Mit dem Streik haben die Juristen auch fehlende Mittel gefordert, die Computersysteme sind völlig veraltet. Die Justizreform der PP hatte es zudem mit sich gebracht, dass nun in sechs Monaten auch komplizierte Korruptionsfälle ermittelt werden sollen. Die Verhandlungen mit dem Justizministerium hätten aber "enttäuschender" nicht sein können, beklagen die Juristen. Es seien keine zusätzlichen Richter und Staatsanwälte eingestellt worden, um die Vorgänge beschleunigen zu können. Da keine zusätzlichen Mittel zur Verfügung gestellt wurden, ist es ein schier unmögliches Unterfangen, komplexe Korruptionsfälle in der vorgeschriebenen Zeit zu bearbeiten.

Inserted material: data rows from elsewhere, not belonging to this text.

(* Let $\theta \in [0,1] \setminus \mathbb{Q}$ and let $m, n \in \mathbb{Z}$ with $0 < m < n$. Define $h, k \colon (S^1)^3 \to (S^1)^3$ by \[ h(\zeta_1, \zeta_2, \zeta_3) = \big(e^{2\pi i\theta}\zeta_1,\ \zeta_1^m\zeta_2,\ \zeta_2^n\zeta_3\big), \qquad k(\zeta_1, \zeta_2, \zeta_3) = \big(e^{2\pi i\theta}\zeta_1,\ \zeta_1^n\zeta_2,\ \zeta_2^m\zeta_3\big). \] Then $h$ and $k$ are not flip conjugate, that is, there is no homeomorphism $g$ of $(S^1)^3$ with $g \circ h \circ g^{-1} = k$ or $g \circ h \circ g^{-1} = k^{-1}$.
   Context: Flip conjugacy: homeomorphisms $h_1 \colon X_1 \to X_1$ and $h_2 \colon X_2 \to X_2$ are conjugate if there is a homeomorphism $g \colon X_1 \to X_2$ with $g \circ h_1 \circ g^{-1} = h_2$. They are flip conjugate if $h_1$ is conjugate to $h_2$ or to $h_2^{-1}$. *)

From HB Require Import structures.
From mathcomp Require Import all_boot all_order all_algebra.
From mathcomp Require Import all_classical all_reals all_analysis.
Set Implicit Arguments. Unset Strict Implicit. Unset Printing Implicit Defensive.
Import Order.TTheory GRing.Theory Num.Theory.
Import numFieldNormedType.Exports.
Local Open Scope classical_set_scope.
Local Open Scope ring_scope.

(* Complex numbers represented as pairs (Re, Im) in R * R (product topology = usual
   topology of C = R^2). *)
Definition cmul {R : realType} (a b : R * R) : R * R :=
  (a.1 * b.1 - a.2 * b.2, a.1 * b.2 + a.2 * b.1).

Definition cpow {R : realType} (z : R * R) (n : nat) : R * R :=
  iter n (cmul z) (1, 0).

Definition cexp2pi {R : realType} (t : R) : R * R :=
  (cos (2 * pi * t), sin (2 * pi * t)).

Definition circle {R : realType} : set (R * R) :=
  [set z | z.1 ^+ 2 + z.2 ^+ 2 = 1].

Definition torus3 {R : realType} : set ((R * R) * (R * R) * (R * R)) :=
  [set x | circle x.1.1 /\ circle x.1.2 /\ circle x.2].

Definition homeo_on {X : topologicalType} (A : set X) (g : X -> X) : Prop :=
  exists g' : X -> X,
    [/\ (forall x, A x -> A (g x)), (forall x, A x -> A (g' x)),
        (forall x, A x -> g' (g x) = x), (forall x, A x -> g (g' x) = x)
      & {within A, continuous g} /\ {within A, continuous g'}].

Definition conj_on {X : topologicalType} (A : set X) (f1 f2 : X -> X) : Prop :=
  exists g : X -> X, homeo_on A g /\ forall x, A x -> g (f1 x) = f2 (g x).

Definition inverse_on {X : Type} (A : set X) (f finv : X -> X) : Prop :=
  [/\ (forall x, A x -> A (finv x)), (forall x, A x -> finv (f x) = x)
    & (forall x, A x -> f (finv x) = x)].

Definition flip_conj_on {X : topologicalType} (A : set X) (f1 f2 : X -> X) : Prop :=
  conj_on A f1 f2 \/ exists f2inv, inverse_on A f2 f2inv /\ conj_on A f1 f2inv.

Definition skew_map {R : realType} (theta : R) (a b : nat)
    (x : (R * R) * (R * R) * (R * R)) : (R * R) * (R * R) * (R * R) :=
  let: (z1, z2, z3) := x in
  (cmul (cexp2pi theta) z1, cmul (cpow z1 a) z2, cmul (cpow z2 b) z3).

From HB Require Import structures.
From mathcomp Require Import all_boot all_order all_algebra.
From mathcomp Require Import all_classical all_reals all_analysis.
From mathcomp Require Import ring lra zify.
Import Order.TTheory GRing.Theory Num.Theory.
Import numFieldNormedType.Exports.
Local Open Scope classical_set_scope.
Local Open Scope ring_scope.

(* A homeomorphism [g] of the torus [T^3 = R^3 / Z^3] lifts to [R^3], and its
   action on the deck translations [Z^3] is an additive automorphism [M_g], uniquely
   determined by [g] and functorial in it (unique path lifting for the circle).
   The skew products lift to the affine maps [t |-> A t + (theta, 0, 0)] with
   unipotent linear parts [A = skew_lin m n] and [B = skew_lin n m], so a flip
   conjugacy would make [M_g A M_g^-1] equal to [B] or [B^-1].  Over [Z] this forces
   [n] to divide [m], impossible for [0 < m < n].  The argument does not use any
   property of [theta]. *)

Local Notation int3 := (int * int * int)%type.

Section PairContinuity.
Context {T U V : topologicalType} {x : T}.

Lemma continuous_pair {f : T -> U} {g : T -> V} :
  {for x, continuous f} -> {for x, continuous g} ->
  {for x, continuous (fun y => (f y, g y))}.
Proof. exact: (@cvg_pair _ _ _ (nbhs x) (nbhs _) (nbhs _)). Qed.

Lemma continuous_fst {u : T -> U * V} :
  {for x, continuous u} -> {for x, continuous (fun y => (u y).1)}.
Proof. by move=> u_cont; apply: cvg_comp u_cont _; exact: cvg_fst. Qed.

Lemma continuous_snd {u : T -> U * V} :
  {for x, continuous u} -> {for x, continuous (fun y => (u y).2)}.
Proof. by move=> u_cont; apply: cvg_comp u_cont _; exact: cvg_snd. Qed.

End PairContinuity.

Section TripleContinuity.
Context {U V W : topologicalType} (t : U * V * W).

Lemma continuous_coord1 : {for t, continuous (fun y : U * V * W => y.1.1)}.
Proof. exact: continuous_fst (continuous_fst cvg_id). Qed.

Lemma continuous_coord2 : {for t, continuous (fun y : U * V * W => y.1.2)}.
Proof. exact: continuous_snd (continuous_fst cvg_id). Qed.

Lemma continuous_coord3 : {for t, continuous (fun y : U * V * W => y.2)}.
Proof. exact: continuous_snd cvg_id. Qed.

End TripleContinuity.

Section CircleExp.
Context {R : realType}.
Implicit Types s t : R.

Lemma cexp2piD s t : cexp2pi (s + t) = cmul (cexp2pi s) (cexp2pi t).
Proof.
rewrite /cexp2pi /cmul /= mulrDr cosD sinD; congr (_, _).
by rewrite addrC mulrC [X in _ + X]mulrC.
Qed.

Lemma cexp2pi0 : cexp2pi 0 = (1, 0) :> R * R.
Proof. by rewrite /cexp2pi mulr0 cos0 sin0. Qed.

Lemma cexp2pi_half : cexp2pi (1 / 2) = (-1, 0) :> R * R.
Proof.
rewrite /cexp2pi; have -> : 2 * pi * (1 / 2) = pi :> R by field.
by rewrite cospi sinpi.
Qed.

Lemma cexp2piD1 t : cexp2pi (t + 1) = cexp2pi t.
Proof.
rewrite /cexp2pi mulrDr mulr1.
have -> : 2 * pi = pi *+ 2 :> R by rewrite mulr_natl.
by rewrite cosD2pi sinD2pi.
Qed.

Lemma cexp2piDz t (k : int) : cexp2pi (t + k%:~R) = cexp2pi t.
Proof.
have cexp2piDn (u : R) (n : nat) : cexp2pi (u + n%:R) = cexp2pi u.
  by elim: n => [|n IHn]; rewrite ?addr0 // -natr1 addrA cexp2piD1.
case: k => n; first exact: cexp2piDn.
by rewrite NegzE mulrNz -(cexp2piDn (t - _) n.+1) subrK.
Qed.

(* The kernel of [t |-> e^{2 pi i t}]: reduce to [0 <= t < 1] and look at the
   sign of the sine on either side of [pi]. *)
Lemma cexp2pi_eq1 t : cexp2pi t = (1, 0) <-> t \is a Num.int.
Proof.
split=> [|/intrP[k ->]]; last by rewrite -[_%:~R]add0r cexp2piDz cexp2pi0.
move=> e1; rewrite intrEfloor; apply/eqP.
set s := t - (Num.floor t)%:~R.
have s_ge0 : 0 <= s by rewrite subr_ge0 Num.Theory.floor_le.
have s_lt1 : s < 1.
  by rewrite ltrBlDr addrC -[1]/(1%:~R) -intrD Num.Theory.floorD1_gt.
have : cexp2pi s = (1, 0) by rewrite /s -mulrNz -[_ *~ _]/((- _)%:~R) cexp2piDz.
rewrite /cexp2pi => -[cos1 sin0]; apply/eqP; rewrite eq_sym -subr_eq0 -/s.
apply/negPn/negP => s_neq0.
have s_gt0 : 0 < s by rewrite lt_neqAle eq_sym s_neq0.
have pi_gt0 := @pi_gt0 R.
have [x_lt|x_ge] := ltrP (2 * pi * s) pi.
  have : 0 < sin (2 * pi * s) by apply: sin_gt0_pi; rewrite x_lt !mulr_gt0.
  by rewrite sin0 ltxx.
have [x_eq|x_ne] := eqVneq (2 * pi * s) pi; first by move: cos1; rewrite x_eq cospi; lra.
have : 0 < sin (2 * pi * s - pi).
  apply: sin_gt0_pi; rewrite subr_gt0 lt_neqAle eq_sym x_ne x_ge /= ltrBlDr.
  nra.
by rewrite sinB sinpi cospi sin0; lra.
Qed.

Lemma circle_cexp2pi t : circle (cexp2pi t).
Proof. by rewrite /circle /cexp2pi /= cos2Dsin2. Qed.

Lemma cexp2pi_continuous : continuous (@cexp2pi R).
Proof.
move=> t; have lin : {for t, continuous (fun s : R => 2 * pi * s)}.
  by apply: cvgM; [exact: cvg_cst | exact: cvg_id].
apply: continuous_pair; first exact: continuous_comp lin (@continuous_cos R _).
exact: continuous_comp lin (@continuous_sin R _).
Qed.

Lemma cpow_cexp2pi t (n : nat) : cpow (cexp2pi t) n = cexp2pi (n%:R * t).
Proof.
elim: n => [|n IHn]; first by rewrite mul0r cexp2pi0.
by rewrite /cpow iterS -/(cpow _ _) IHn -cexp2piD mulrSr mulrDl mul1r addrC.
Qed.

End CircleExp.

Section CircleDiv.
Context {R : realType}.
Implicit Types (s t : R) (a b w : R * R).

(* Multiplication by the complex conjugate; on the unit circle this is division. *)
Definition cdiv a b : R * R := cmul a (b.1, - b.2).

Lemma cmul_cdiv a b : circle b -> cmul b (cdiv a b) = a.
Proof.
rewrite /circle /cdiv /cmul /= => b_circ; rewrite [a]surjective_pairing /=.
by congr (_, _); rewrite -[RHS]mulr1 -b_circ; ring.
Qed.

Lemma circle_cdiv a b : circle a -> circle b -> circle (cdiv a b).
Proof.
rewrite /circle /cdiv /cmul /= => a_circ b_circ.
by rewrite -[1]mulr1 -{1}a_circ -b_circ; ring.
Qed.

Lemma cdiv_cexp2pi s t : cdiv (cexp2pi s) (cexp2pi t) = cexp2pi (s - t).
Proof.
rewrite /cdiv /cexp2pi /cmul /= mulrBr cosB sinB; congr (_, _); first by ring.
by rewrite mulrN addrC mulrC [X in _ - X]mulrC.
Qed.

Lemma cdivv w : circle w -> cdiv w w = (1, 0).
Proof. by rewrite /circle /cdiv /cmul /= => w_circ; congr (_, _); rewrite -?w_circ; ring. Qed.

(* [2 Re (a conj b) = |a|^2 + |b|^2 - |a - b|^2] *)
Lemma cdiv_fst_gt0 a b : circle a -> circle b -> `|a - b| < 1 -> 0 < (cdiv a b).1.
Proof.
rewrite /circle /cdiv /cmul /= prod_normE gt_max /= !ltr_norml.
move=> a_circ b_circ /andP[/andP[lt1 gt1] /andP[lt2 gt2]].
have -> : a.1 * b.1 - a.2 * - b.2
  = ((a.1 ^+ 2 + a.2 ^+ 2) + (b.1 ^+ 2 + b.2 ^+ 2) - (a.1 - b.1) ^+ 2 - (a.2 - b.2) ^+ 2) / 2
  by field.
rewrite a_circ b_circ; nra.
Qed.

Lemma cdiv_continuous {T : topologicalType} {u v : T -> R * R} {x : T} :
  {for x, continuous u} -> {for x, continuous v} ->
  {for x, continuous (fun y => cdiv (u y) (v y))}.
Proof.
move=> u_cont v_cont; rewrite /cdiv /cmul /=.
have [u1 u2] := (continuous_fst u_cont, continuous_snd u_cont).
have [v1 v2] := (continuous_fst v_cont, continuous_snd v_cont).
by apply: continuous_pair; [apply: cvgB | apply: cvgD]; apply: cvgM => //; apply: cvgN.
Qed.

(* A continuous branch of [arg w / (2 pi)] on the half plane [w.1 > -1]; it comes
   from the half-angle formula [tan (pi t) = sin (2 pi t) / (1 + cos (2 pi t))]. *)
Definition carg w : R := atan (w.2 / (1 + w.1)) / pi.

Lemma carg_continuous w : 1 + w.1 != 0 -> {for w, continuous carg}.
Proof.
move=> w_neq0; apply: cvgM; last exact: cvg_cst.
apply: continuous_comp; last exact: continuous_atan.
apply: cvgM; first exact: cvg_snd.
by apply: cvgV => //; apply: cvgD; [exact: cvg_cst | exact: cvg_fst].
Qed.

Lemma cexp2pi_carg w : circle w -> 0 < 1 + w.1 -> cexp2pi (carg w) = w.
Proof.
rewrite /circle /= => w_circ w_gt0.
have w_neq0 : 1 + w.1 != 0 by rewrite gt_eqF.
set a := w.2 / (1 + w.1).
have cos2 : cos (atan a) ^+ 2 = (1 + a ^+ 2)^-1.
  by rewrite cos_atan exprVn sqr_sqrtr // addr_ge0 // sqr_ge0.
have a2 : 1 + a ^+ 2 = 2 / (1 + w.1).
  rewrite /a expr_div_n (_ : w.2 ^+ 2 = 1 - w.1 ^+ 2); first by field.
  by rewrite -w_circ addrAC subrr add0r.
have sin_cos : sin (atan a) = a * cos (atan a).
  have cos_neq0 : cos (atan a) != 0.
    by rewrite cos_atan invr_eq0 gt_eqF // sqrtr_gt0 ltr_wpDr // sqr_ge0.
  by have := atanK a; rewrite /tan => {2}<-; rewrite divfK.
have angle : 2 * pi * (atan a / pi) = atan a *+ 2.
  have pi_neq0 : pi != 0 :> R by rewrite gt_eqF // pi_gt0.
  by rewrite -mulrA [pi * _]mulrCA mulfV // mulr1 mulrC mulr_natr.
rewrite /cexp2pi /carg -/a angle cos_mulr2n sin_mulr2n cos2 a2 sin_cos.
rewrite [w]surjective_pairing; congr (_, _).
  by rewrite invf_div mulr2n; field.
by rewrite mulrCA -expr2 cos2 a2 invf_div /a mulr2n; field.
Qed.

Lemma cexp2pi_surj {w} : circle w -> exists t, cexp2pi t = w.
Proof.
move=> w_circ; have [w_gt0|w_le0] := ltrP 0 (1 + w.1).
  by exists (carg w); rewrite cexp2pi_carg.
exists (1 / 2); rewrite cexp2pi_half.
move: w_circ w_le0; rewrite /circle; case: w => x y /= w_circ w_le0.
have x2 : x ^+ 2 <= 1 by rewrite -w_circ lerDl sqr_ge0.
by congr (_, _); nra.
Qed.

End CircleDiv.

Section IntValued.
Context {R : realType}.

Lemma cexp2pi_eq_int (s t : R) : cexp2pi s = cexp2pi t -> s - t \is a Num.int.
Proof.
by move=> e; apply/cexp2pi_eq1; rewrite -cdiv_cexp2pi e cdivv //; exact: circle_cexp2pi.
Qed.

(* Otherwise the intermediate value theorem produces a non-integral value
   strictly between two consecutive integers. *)
Lemma int_valued_segment_const (f : R -> R) :
  {within `[0, 1], continuous f} -> (forall s, 0 <= s <= 1 -> f s \is a Num.int) ->
  f 1 = f 0.
Proof.
wlog le01 : f / f 0 <= f 1 => [hwlog f_cont f_int|f_cont f_int].
  have [le01|lt10] := leP (f 0) (f 1); first exact: hwlog.
  apply: oppr_inj; apply: (hwlog (fun s => - f s)); first by rewrite lerN2 ltW.
    by move=> s; apply: cvgN; exact: f_cont.
  by move=> s /f_int; rewrite rpredN.
apply/eqP; rewrite eq_le le01 andbT leNgt; apply/negP => lt01.
have f0_int : f 0 \is a Num.int by apply: f_int; rewrite lexx ler01.
have f1_int : f 1 \is a Num.int by apply: f_int; rewrite lexx ler01.
have gap : 1 <= f 1 - f 0.
  rewrite -[f 1 - _]ger0_norm ?subr_ge0 ?(ltW lt01) //.
  by apply: norm_intr_ge1; rewrite ?rpredB // subr_eq0 gt_eqF.
have mid : Num.min (f 0) (f 1) <= f 0 + 1 / 2 <= Num.max (f 0) (f 1).
  by rewrite ge_min le_max; apply/andP; split; apply/orP; [left|right]; lra.
have [c /[!in_itv] /= c01 fc] := IVT ler01 f_cont mid.
have : (1 / 2 : R) \is a Num.int.
  by rewrite -(addKr (f 0) (1 / 2)) -fc; apply: rpredD; [rewrite rpredN | exact: f_int].
by move/norm_intr_ge1; rewrite gt_eqF //= ger0_norm //; lra.
Qed.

Der Streikaufruf nahm keinen ausdrücklichen Bezug auf den Konflikt um Katalonien. Es ist aber offensichtlich, wie in den vergangenen Monaten die Regierung die Justiz instrumentalisiert hat, die Tricks, die Rechtsbeugung und Rechtsumgehung wurden von etlichen Verfassungsexperten kritisiert, mit denen die Umsetzung des Wahlergebnisses verhindert wird. Mehr als 650 Juristen aus dem gesamten spanischen Staaten hatten sich deshalb schon in einem Schreiben an den Europarat gewandt, um die "Judikalisierung" der spanischen Politik und "schwerwiegende Verstöße gegen Rechte und Freiheiten" anzuzeigen. Der Professor Joaquin Urías spricht sogar schon einem "stillen Staatsstreich", da nun sogar die Regierungsbildung präventiv verhindert wird, weil den Unionisten in Madrid die katalanischen Minister nicht passen.